__PROBLEM DESCRIPTION__
Every line in the records below between the one holding "by case: BM_eq_chain => _ _ ->; rewrite ltxx." and the one holding "move=> e; apply: (mulfI", inclusive, is to be set down exactly; all other lines are to be left out.

--------------------------------

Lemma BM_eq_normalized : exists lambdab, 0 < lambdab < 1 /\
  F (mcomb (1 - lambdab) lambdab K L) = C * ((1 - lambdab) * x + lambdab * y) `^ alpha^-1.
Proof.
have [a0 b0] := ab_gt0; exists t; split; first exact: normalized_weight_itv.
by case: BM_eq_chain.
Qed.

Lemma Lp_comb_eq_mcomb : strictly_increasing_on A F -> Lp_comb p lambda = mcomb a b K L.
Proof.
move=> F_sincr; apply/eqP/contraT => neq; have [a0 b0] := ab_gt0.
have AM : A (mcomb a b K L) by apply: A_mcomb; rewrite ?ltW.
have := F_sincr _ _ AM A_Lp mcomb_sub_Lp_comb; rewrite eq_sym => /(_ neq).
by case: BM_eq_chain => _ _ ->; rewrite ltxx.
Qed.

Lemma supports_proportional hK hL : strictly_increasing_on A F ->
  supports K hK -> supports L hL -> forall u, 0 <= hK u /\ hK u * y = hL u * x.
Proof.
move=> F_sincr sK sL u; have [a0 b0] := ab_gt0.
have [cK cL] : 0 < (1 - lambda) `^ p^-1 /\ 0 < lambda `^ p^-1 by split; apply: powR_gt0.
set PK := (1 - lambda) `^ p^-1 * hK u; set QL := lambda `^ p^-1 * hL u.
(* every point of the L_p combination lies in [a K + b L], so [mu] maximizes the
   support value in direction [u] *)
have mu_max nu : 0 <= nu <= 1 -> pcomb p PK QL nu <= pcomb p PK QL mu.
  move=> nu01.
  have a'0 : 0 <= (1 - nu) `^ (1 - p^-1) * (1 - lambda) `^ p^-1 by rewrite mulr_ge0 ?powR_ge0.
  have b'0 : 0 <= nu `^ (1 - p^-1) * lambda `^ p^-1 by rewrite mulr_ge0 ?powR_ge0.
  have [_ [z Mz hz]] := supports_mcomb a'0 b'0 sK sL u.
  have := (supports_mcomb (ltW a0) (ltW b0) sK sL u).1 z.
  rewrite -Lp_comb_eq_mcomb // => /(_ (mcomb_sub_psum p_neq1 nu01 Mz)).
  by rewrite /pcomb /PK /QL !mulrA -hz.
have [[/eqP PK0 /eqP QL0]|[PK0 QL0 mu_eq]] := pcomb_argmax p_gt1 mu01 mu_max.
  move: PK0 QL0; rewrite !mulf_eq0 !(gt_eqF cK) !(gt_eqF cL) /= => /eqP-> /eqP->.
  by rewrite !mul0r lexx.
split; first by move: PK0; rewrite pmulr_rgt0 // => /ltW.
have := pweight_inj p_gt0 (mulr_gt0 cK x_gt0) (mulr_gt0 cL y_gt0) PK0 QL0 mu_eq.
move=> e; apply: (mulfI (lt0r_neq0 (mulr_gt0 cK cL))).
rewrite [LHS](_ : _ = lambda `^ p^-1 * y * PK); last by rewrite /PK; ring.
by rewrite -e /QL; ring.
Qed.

--------------------------------

__SOLVED EXERCISE__
by case: BM_eq_chain => _ _ ->; rewrite ltxx.
Qed.

Lemma supports_proportional hK hL : strictly_increasing_on A F ->
  supports K hK -> supports L hL -> forall u, 0 <= hK u /\ hK u * y = hL u * x.
Proof.
move=> F_sincr sK sL u; have [a0 b0] := ab_gt0.
have [cK cL] : 0 < (1 - lambda) `^ p^-1 /\ 0 < lambda `^ p^-1 by split; apply: powR_gt0.
set PK := (1 - lambda) `^ p^-1 * hK u; set QL := lambda `^ p^-1 * hL u.
(* every point of the L_p combination lies in [a K + b L], so [mu] maximizes the
   support value in direction [u] *)
have mu_max nu : 0 <= nu <= 1 -> pcomb p PK QL nu <= pcomb p PK QL mu.
  move=> nu01.
  have a'0 : 0 <= (1 - nu) `^ (1 - p^-1) * (1 - lambda) `^ p^-1 by rewrite mulr_ge0 ?powR_ge0.
  have b'0 : 0 <= nu `^ (1 - p^-1) * lambda `^ p^-1 by rewrite mulr_ge0 ?powR_ge0.
  have [_ [z Mz hz]] := supports_mcomb a'0 b'0 sK sL u.
  have := (supports_mcomb (ltW a0) (ltW b0) sK sL u).1 z.
  rewrite -Lp_comb_eq_mcomb // => /(_ (mcomb_sub_psum p_neq1 nu01 Mz)).
  by rewrite /pcomb /PK /QL !mulrA -hz.
have [[/eqP PK0 /eqP QL0]|[PK0 QL0 mu_eq]] := pcomb_argmax p_gt1 mu01 mu_max.
  move: PK0 QL0; rewrite !mulf_eq0 !(gt_eqF cK) !(gt_eqF cL) /= => /eqP-> /eqP->.
  by rewrite !mul0r lexx.
split; first by move: PK0; rewrite pmulr_rgt0 // => /ltW.
have := pweight_inj p_gt0 (mulr_gt0 cK x_gt0) (mulr_gt0 cL y_gt0) PK0 QL0 mu_eq.
move=> e; apply: (mulfI (lt0r_neq0 (mulr_gt0 cK cL))).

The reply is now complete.